The 1928 Ford Tri-Motor will be on display at the Hastings Municipal Airport June 13-16 and available for flights most of that time.

Highlighting recent improvements at the Hastings Municipal Airport, the local chapter of the Experimental Aircraft Association is bringing in a 91-year-old airliner, with the opportunity for public rides, as part of a series of activities on June 13-16.

Hastings EAA Chapter 544, along with the Hastings Airport Association and the city of Hastings, will play host to an open house and fly-in breakfast at the airport. The event is open to the public and will offer the public a close-up look at the airport, aircraft flying-in and rides on the 1928 Ford Tri-Motor plane nicknamed “The Tin Goose.”

Events begin 5 p.m., Thursday, June 13 with a Chamber After Hours organized at the airport by the Hastings Area Chamber of Commerce. The Ford Tri-Motor will be on display then.

The Chamber After Hours includes a ribbon cutting for Meyers Aerial Service, which took over fixed base operator duties at the airport earlier this year.

“The airport has a lot of positive momentum right now,” event chair Aaron Schardt said. “We’ve got the new FBO over there, who’s just starting up, they’ve brought fuel trucks. They brought in all the stuff to make it a full service airport.”

There has been a lot of positive local feedback about the airport’s new fixed base operator. Schardt said events like the fly-in will help spread the word outside of the Hastings aviation community.

“Word’s got to get out,” he said. “It’ll take a while, I think, for those guys to get the word out that you can come to Hastings and you can get fuel now and you can have that service level that maybe we didn’t have before.”
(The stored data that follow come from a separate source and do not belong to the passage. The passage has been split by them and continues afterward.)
(* Let $G_M$ be a maximal reducible graph solved by a line-tree $T_M$. Then the line-tree $T_1$ obtained from $T_M$ by inverting the entire tree is a persistent phylogeny solving $G_M$.
   Context: Persistent phylogeny. Let $M$ be a binary matrix with rows indexed by species $S$ and columns by characters $C=\{c_1,\dots,c_m\}$, and $A\subseteq C$ (active characters). A persistent phylogeny for $(M,A)$ is a rooted tree $T$ whose nodes $x$ carry vectors $l_x\in\{0,1\}^m$ (the state of $x$) such that: the root $r$ has $l_r[j]=1$ iff $c_j\in A$; each edge is labelled $c_j^+$ for each character changing from 0 to 1 on it and $c_j^-$ for each changing from 1 to 0; each character changes state on at most two edges, and if on two, they lie on one root-to-leaf path with the gain $c_j^+$ closer to the root than the loss $c_j^-$; each row of $M$ equals $l_x$ for some node $x$ (such a node is a species node of $T$). Red-black graphs. A red-black graph on species $S$ and characters $C$ is a bipartite graph on $S\cup C$ with red or black edges, each character incident only to black edges (inactive) or only to red edges (active). Its associated matrix has $M[s,c]=1$ iff $(s,c)$ is black, or $c$ is active and $(s,c)$ is not an edge; a tree solving the graph is a persistent phylogeny for (associated matrix, set of active characters). $S(c)=\{s:M[s,c]=1\}$. Realizing $c^+$ ($c$ inactive): with $D(c)$ the species of the component of $c$, add red edges from $c$ to $D(c)\setminus N(c)$, delete black edges on $c$ and isolated vertices; realizing $c^-$ ($c$ active, $D(c)\subseteq N(c)$): delete all edges on $c$ and isolated vertices. An active character red-adjacent to all species is free. A c-reduction $\langle c_1^+,\dots,c_k^+\rangle$ is successful if realizing the characters in order is always defined (realizing negatively each character right after it becomes free) and yields the empty graph. A red-black graph is reducible if it is connected and admits a successful reduction (i.e. is solved by some persistent phylogeny). Standing assumption: no free, null (isolated) or universal (inactive and black-adjacent to all species) characters, no species with no characters, no two identical character columns. An inactive character $c$ is maximal if no inactive $c'$ has $S(c)\subsetneq S(c')$. A maximal reducible graph is a reducible red-black graph all of whose characters are inactive and maximal. Line-trees and inversion. A line-tree is a tree consisting of a single path from the root (internal nodes have one child). A simple path may be contracted into one edge labelled by the sequence of labels on it. If $T_1$ is a line-tree whose sequence of species in depth-first order is $s_1,\dots,s_k$, the inverted tree $T_2$ is the line-tree with species sequence $s_k,\dots,s_1$, where the edge $(s_{i+1},s_i)$ of $T_2$ carries the same characters as the edge $(s_i,s_{i+1})$ of $T_1$ but with opposite signs (each $c^+$ becomes $c^-$ and vice versa). *)

From mathcomp Require Import all_boot.
Set Implicit Arguments. Unset Strict Implicit. Unset Printing Implicit Defensive.

(* Nodes are 'I_n.+1, the root is ord0, par gives the parent; lab x is l_x. *)
Record ptree (C : finType) := PTree {
  pt_n : nat;
  pt_par : 'I_pt_n.+1 -> 'I_pt_n.+1;
  pt_lab : 'I_pt_n.+1 -> {ffun C -> bool} }.
Arguments pt_n {C} p.
Arguments pt_par {C} p _.
Arguments pt_lab {C} p _.
Arguments PTree {C} pt_n pt_par pt_lab.

Section Phylo.
Variables (S C : finType).

(* par is a rooted-tree parent function: root is its own "parent" (fixpoint),
   every other node has a parent of smaller index (hence acyclic, connected). *)
Definition is_rooted_tree (T : ptree C) : Prop :=
  pt_par T ord0 = ord0 /\ forall i, i != ord0 -> pt_par T i < i.

Unset Implicit Arguments.
Definition anc (T : ptree C) (i j : 'I_(pt_n T).+1) : Prop :=
  exists k, iter k (pt_par T) j = i.

(* character c changes state on the edge (par i, i) *)
Definition changes (T : ptree C) (c : C) (i : 'I_(pt_n T).+1) : bool :=
  (i != ord0) && (pt_lab T (pt_par T i) c != pt_lab T i c).

Set Implicit Arguments.
(* the label c^+ (gain) is on edge i iff changes c i and l_i[c] = 1;
   c^- (loss) iff changes c i and l_i[c] = 0. *)
Definition persistent_phylogeny (M : S -> C -> bool) (A : {set C}) (T : ptree C) : Prop :=
  [/\ is_rooted_tree T,
      (forall c, pt_lab T ord0 c = (c \in A)),
      (forall c, #|[set i | changes T c i]| <= 2),
      (forall c i j, changes T c i -> changes T c j -> i != j ->
          (anc T i j /\ pt_lab T i c /\ ~~ pt_lab T j c) \/
          (anc T j i /\ pt_lab T j c /\ ~~ pt_lab T i c))
    & (forall s, exists x, forall c, pt_lab T x c = M s c)].

(* Vertex set S + C; rb_edge s c says (s,c) is an edge; its colour is red iff
   c is active (c \in rb_active), black otherwise. *)
Record rbgraph := RBGraph { rb_edge : S -> C -> bool; rb_active : {set C} }.

Definition assoc_matrix (G : rbgraph) (s : S) (c : C) : bool :=
  if c \in rb_active G then ~~ rb_edge G s c else rb_edge G s c.

Definition solves (T : ptree C) (G : rbgraph) : Prop :=
  persistent_phylogeny (assoc_matrix G) (rb_active G) T.

Definition rb_adj (G : rbgraph) : rel (S + C) :=
  fun u v => match u, v with
             | inl s, inr c => rb_edge G s c
             | inr c, inl s => rb_edge G s c
             | _, _ => false end.

Definition rb_connected (G : rbgraph) : Prop :=
  forall u v : S + C, connect (rb_adj G) u v.

Definition Sc (G : rbgraph) (c : C) : {set S} := [set s | assoc_matrix G s c].

Definition standing (G : rbgraph) : Prop :=
  [/\
      (forall c, c \in rb_active G -> ~ (forall s, rb_edge G s c)),
      (forall c, exists s, rb_edge G s c),
      (forall c, c \notin rb_active G -> ~ (forall s, rb_edge G s c)),
      (forall s, exists c, rb_edge G s c)
    &
      (forall c c', (forall s, assoc_matrix G s c = assoc_matrix G s c') -> c = c')].

Definition reducible (G : rbgraph) : Prop :=
  rb_connected G /\ exists T : ptree C, solves T G.

Definition maximal_char (G : rbgraph) (c : C) : Prop :=
  c \notin rb_active G /\
  ~ exists c', c' \notin rb_active G /\ Sc G c \proper Sc G c'.

Definition maximal_reducible (G : rbgraph) : Prop :=
  [/\ reducible G, (forall c, c \notin rb_active G) & (forall c, maximal_char G c)].

(* A line-tree is given by the sequence of states of its nodes from the root
   down to the leaf; node i has parent i-1. *)
Definition line_tree (ls : seq {ffun C -> bool}) : ptree C :=
  PTree (size ls).-1 (fun i => inord i.-1) (fun i => nth [ffun=> false] ls i).

(* Inversion of the entire line-tree: the node sequence is reversed (so every
   edge keeps its characters with opposite signs), and a new root with the
   all-zero state (no active characters) is put on top. *)
Definition invert_line (ls : seq {ffun C -> bool}) : seq {ffun C -> bool} :=
  [ffun=> false] :: rev ls.

End Phylo.
Arguments anc {C} T i j.
Arguments changes {C} T c i.

From mathcomp Require Import all_boot zify.

Set Implicit Arguments. Unset Strict Implicit. Unset Printing Implicit Defensive.

(* When every character is inactive at the root of a line-tree, persistence says
   exactly that each column, read from the root down, has the shape 0..01..10..0:
   the nodes carrying the character form an interval, entered by the gain and
   left by the loss.  Reversing the path and adding an all-zero root keeps every
   column of this shape and keeps every old state as a node state, so the
   inverted tree still solves the graph. *)

Section ConvexColumns.
Implicit Types (b : nat -> bool) (i j k m n p q : nat).

Definition convex b := forall i j k, i < j -> j < k -> b i -> b k -> b j.

Definition flip_at b m := (0 < m) && (b m.-1 != b m).

Lemma flip_between b p q : p < q -> b p != b q ->
  exists2 m, p < m <= q & flip_at b m.
Proof.
elim: q => // q IHq; rewrite ltnS leq_eqVlt => /orP[/eqP <- | ltpq] bpq.
  by exists p.+1; rewrite ?ltnSn ?leqnn // /flip_at /= bpq.
have [eq_q | neq_q] := eqVneq (b q) (b q.+1).
  have [|m /andP[ltpm lemq] flip_m] := IHq ltpq; first by rewrite eq_q.
  by exists m; rewrite ?ltpm ?(leqW lemq).
by exists q.+1; rewrite ?ltnS ?(ltnW ltpq) ?leqnn // /flip_at /= neq_q.
Qed.

Lemma convex_flips b i j : convex b -> i < j -> flip_at b i -> flip_at b j ->
  b i && ~~ b j.
Proof.
move=> cvx ltij /andP[i_gt0 flip_i] /andP[_ flip_j].
have [bi | nbi] := boolP (b i); rewrite /=.
  apply/negP=> bj; have bj1 : b j.-1 = false by move: flip_j; rewrite bj; case: (b j.-1).
  have neq_ij1 : i != j.-1 by apply: contraTneq bi => ->; rewrite bj1.
  suff : b j.-1 by rewrite bj1.
  by apply: (cvx i _ j) => //; lia.
have bi1 : b i.-1 by move: flip_i; rewrite (negbTE nbi); case: (b i.-1).
have [t /andP[le_it le_tj] bt] : exists2 t, i <= t <= j & b t.
  case/boolP: (b j) => [bj | nbj]; first by exists j; rewrite ?leqnn ?(ltnW ltij).
  by exists j.-1; [lia | move: flip_j; rewrite (negbTE nbj); case: (b j.-1)].
have neq_it : i != t by apply: contraNneq nbi => ->.
suff : b i by rewrite (negbTE nbi).
by apply: (cvx i.-1 _ t) => //; lia.
Qed.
Public flights take place 9 a.m. to 5 p.m., on June 14-16 — Friday, Saturday and Sunday.

Tickets can be purchased at or at

A fly-in pancake breakfast and airport open house, organized by the Hastings Airport Association and Experimental Aircraft Association, will take place 7-11 a.m., Saturday.
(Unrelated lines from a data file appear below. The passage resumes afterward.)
Lemma cellK k : cell (cell_time k) (cell_row k) = k.
Proof. by rewrite /cell /cell_time /cell_row int_of_natK mulnC -divn_eq. Qed.

Lemma cell_inj j r j' r' : (r < 4)%N -> (r' < 4)%N ->
  cell j r = cell j' r' -> j = j' /\ r = r'.
Proof.
move=> r4 r'4 e; split; first by rewrite -(cell_timeK j r4) e cell_timeK.
by rewrite -(cell_rowK j r4) e cell_rowK.
Qed.

Definition shift_cell (z : int) (k : nat) : nat := cell (cell_time k + z) (cell_row k).

Lemma shift_cellD z z' k : shift_cell z (shift_cell z' k) = shift_cell (z' + z) k.
Proof.
by rewrite /shift_cell cell_timeK ?cell_row_lt // cell_rowK ?cell_row_lt // addrA.
Qed.

Lemma shift_cell0 k : shift_cell 0 k = k.
Proof. by rewrite /shift_cell addr0 cellK. Qed.

Lemma shift_cellK z : cancel (shift_cell z) (shift_cell (- z)).
Proof. by move=> k; rewrite shift_cellD subrr shift_cell0. Qed.

Lemma shift_cellNK z : cancel (shift_cell (- z)) (shift_cell z).
Proof. by move=> k; rewrite shift_cellD addNr shift_cell0. Qed.

Definition shift : coins -> coins := coord_map (shift_cell 1) (fun _ => false).
Definition shift_inv : coins -> coins := coord_map (shift_cell (-1)) (fun _ => false).

Lemma iterz_shift (z : int) (x : coins) :
  iterz shift shift_inv z x = fun k => x (shift_cell z k).
Proof.
apply/funext => k; case: z => n /=; elim: n k => [|n IHn] k /=.
- by rewrite shift_cell0.
- by rewrite /shift /coord_map addbF IHn shift_cellD.
- by rewrite /shift_inv /coord_map addbF.
- by rewrite {1}/shift_inv /coord_map addbF IHn shift_cellD.
Qed.

Lemma iterz_shift_cell z r x : (r < 4)%N ->
  iterz shift shift_inv z x (cell 0 r) = x (cell z r).
Proof. by move=> r4; rewrite iterz_shift /shift_cell cell_timeK // cell_rowK // add0r. Qed.

Lemma invertible_mpt_shift (R : realType) : invertible_mpt (coin R) shift shift_inv.
Proof. exact/invertible_mpt_coord_map/shift_cellK/shift_cellNK. Qed.

Section SeqInv.
Variable f : nat -> int.

Definition seq_inv (j : int) : option nat :=
  if pselect (exists n, (0 < n)%N && (f n == j)) is left h then Some (ex_minn h)
  else None.

Lemma seq_invP j n : seq_inv j = Some n -> (0 < n)%N /\ f n = j.
Proof.
rewrite /seq_inv; case: pselect => // h [<-].
by case: ex_minnP => m /andP[m0 /eqP fm] _.
Qed.

Lemma seq_inv_f n : {in [pred n : nat | (0 < n)%N] &, injective f} ->
  (0 < n)%N -> seq_inv (f n) = Some n.
Proof.
move=> f_inj n0; case E: (seq_inv (f n)) => [m|].
  by have [m0 fm] := seq_invP E; rewrite (f_inj _ _ m0 n0 fm).
by move: E; rewrite /seq_inv; case: pselect => // -[]; exists n; rewrite n0 eqxx.
Qed.

End SeqInv.

(* Moves the even-row cells at time [q n] to time [p n]; the odd rows absorb the
   mismatch between the ranges of [q] and [p], which makes this a bijection. *)
Definition relabel (p q : nat -> int) (k : nat) : nat :=
  let j := cell_time k in let r := cell_row k in
  if ~~ odd r then
    if seq_inv q j is Some n then cell (p n) r else cell j r.+1
  else
    if seq_inv p j is Some n then cell (q n) r else cell j r.-1.

Lemma relabelK (p q : nat -> int) :
  {in [pred n : nat | (0 < n)%N] &, injective p} ->
  {in [pred n : nat | (0 < n)%N] &, injective q} ->
  cancel (relabel p q) (relabel q p).
Proof.
move=> p_inj q_inj k; have r4 := cell_row_lt k.
rewrite {2}/relabel; case: ifPn => [ev|/negbNE od].
  have r3 : (cell_row k < 3)%N by move: r4 ev; case: (cell_row k) => [|[|[|[|]]]].
  case E: (seq_inv q (cell_time k)) => [n|].
    have [n0 qn] := seq_invP E.
    by rewrite /relabel cell_timeK // cell_rowK // ev seq_inv_f // qn cellK.
  by rewrite /relabel cell_timeK // cell_rowK //= ev /= E cellK.
have r0 : (0 < cell_row k)%N by move: od; case: (cell_row k).
case E: (seq_inv p (cell_time k)) => [n|].
  have [n0 pn] := seq_invP E.
  by rewrite /relabel cell_timeK // cell_rowK // od seq_inv_f // pn cellK.
have r1 : ((cell_row k).-1 < 4)%N by rewrite (leq_ltn_trans (leq_pred _)).
rewrite /relabel cell_timeK // cell_rowK //.
have -> : ~~ odd (cell_row k).-1 by move: od r0; case: (cell_row k).
by rewrite E prednK // cellK.
Qed.

Definition block_parity (n : nat) : bool := odd (trunc_log 2 n.-1).

Section ConjugatedShift.
Variables a b : nat -> int.
Hypothesis a_inj : {in [pred n : nat | (0 < n)%N] &, injective a}.
Hypothesis b_inj : {in [pred n : nat | (0 < n)%N] &, injective b}.
Hypothesis b_neq0 : forall n : nat, (0 < n)%N -> b n != 0.

Definition flips (k : nat) : bool :=
  if seq_inv b (cell_time k) is Some n then
    if cell_row k == 0%N then block_parity n else cell_row k == 2%N
  else false.

Definition conj_map : coins -> coins := coord_map (relabel a b) flips.
Definition conj_map_inv : coins -> coins := coord_map (relabel b a) (flips \o relabel b a).

Lemma conj_mapK : cancel conj_map conj_map_inv.
Proof. exact/coord_mapK/relabelK. Qed.

Lemma conj_map_invK : cancel conj_map_inv conj_map.
Proof.
move=> x; apply/funext => k.
by rewrite /conj_map /conj_map_inv /coord_map /= relabelK // -addbA addbb addbF.
Qed.

Definition conj_shift (x : coins) : coins := conj_map_inv (shift (conj_map x)).
Definition conj_shift_inv (x : coins) : coins := conj_map_inv (shift_inv (conj_map x)).

Lemma iterz_conj_shift z x :
  iterz conj_shift conj_shift_inv z x = conj_map_inv (iterz shift shift_inv z (conj_map x)).
Proof.
case: z => n /=; elim: n => [|n IHn] /=; rewrite ?conj_mapK //.
- by rewrite IHn /conj_shift conj_map_invK.
- by rewrite IHn /conj_shift_inv conj_map_invK.
Qed.

Lemma seq_inv_b0 : seq_inv b 0 = None.
Proof.
case E: (seq_inv b 0) => [n|] //.
by have [n0 bn] := seq_invP E; have := b_neq0 n0; rewrite bn eqxx.
Qed.

Lemma conj_map_inv_cell0 x r : (r < 3)%N -> ~~ odd r ->
  conj_map_inv x (cell 0 r.+1) = x (cell 0 r).
Proof.
move=> r3 ev; have r4 : (r < 4)%N by rewrite ltnW.
rewrite /conj_map_inv /coord_map /= /relabel cell_timeK // cell_rowK //= ev /=.
by rewrite seq_inv_b0 /flips cell_timeK // seq_inv_b0 addbF.
Qed.

Lemma conj_map_cell n r x : (0 < n)%N -> (r < 4)%N -> ~~ odd r ->
  conj_map x (cell (b n) r) = x (cell (a n) r) (+) flips (cell (b n) r).
Proof.
move=> n0 r4 ev; rewrite /conj_map /coord_map /relabel.
by rewrite cell_timeK // cell_rowK // ev seq_inv_f.
Qed.

Lemma iterz_conj_shift_cell1 n x : (0 < n)%N ->
  iterz conj_shift conj_shift_inv (b n) x (cell 0 1) = x (cell (a n) 0) (+) block_parity n.
Proof.
move=> n0; rewrite iterz_conj_shift conj_map_inv_cell0 // iterz_shift_cell //.
by rewrite conj_map_cell // /flips cell_timeK // cell_rowK // seq_inv_f.
Qed.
Schardt said the fly-in breakfast provides the public with the opportunity to see the airplanes, talk to the pilots and learn about aviation.

“It helps promote and garner understanding of the aviation assets Hastings has,” he said.

Both Hastings EAA Chapter 544 and the Hastings Airport Association have the goal of promoting and advocating for the Hastings Municipal Airport.

“The more people you get out to the airport, the more people realize what an asset it is to the community,” Schardt said. “This is kind of a neat way to get the public out to the airport for more than just to see a passing-by airplane. It becomes a destination stop.”

Hastings EAA Chapter 544 applied about two years ago for the opportunity to play host to the 1928 Ford Tri-Motor.

“Our number came up and they finally said ‘Yeah, we’re going to come through the Midwest in this time frame,’ ” Schardt said. “It worked out that we’re getting it over Father’s Day.”

He said the Ford Tri-Motor was the first airliner and there are just a few left.

“It’s back when everybody dressed up to get on the airplane and go somewhere,’ he said. “It was a big deal. This is cool to have and relive that golden age of aviation.”

The plane, which is made of corrugated metal and Schardt described as looking like a grain bin, has big seats.

“It’s big, it’s boxy,” he said. “It’s not necessarily streamlined like a modern airplane, but it was the luxury of the day.”

Strong public participation with the Ford Tri-Motor flights could be rewarding for Hastings in the future.

The Experimental Aircraft Association also tours a B-17 bomber.

“I think if we have a good showing here with the Tri-Motor maybe some day we’ll get the bomber,” Schardt said.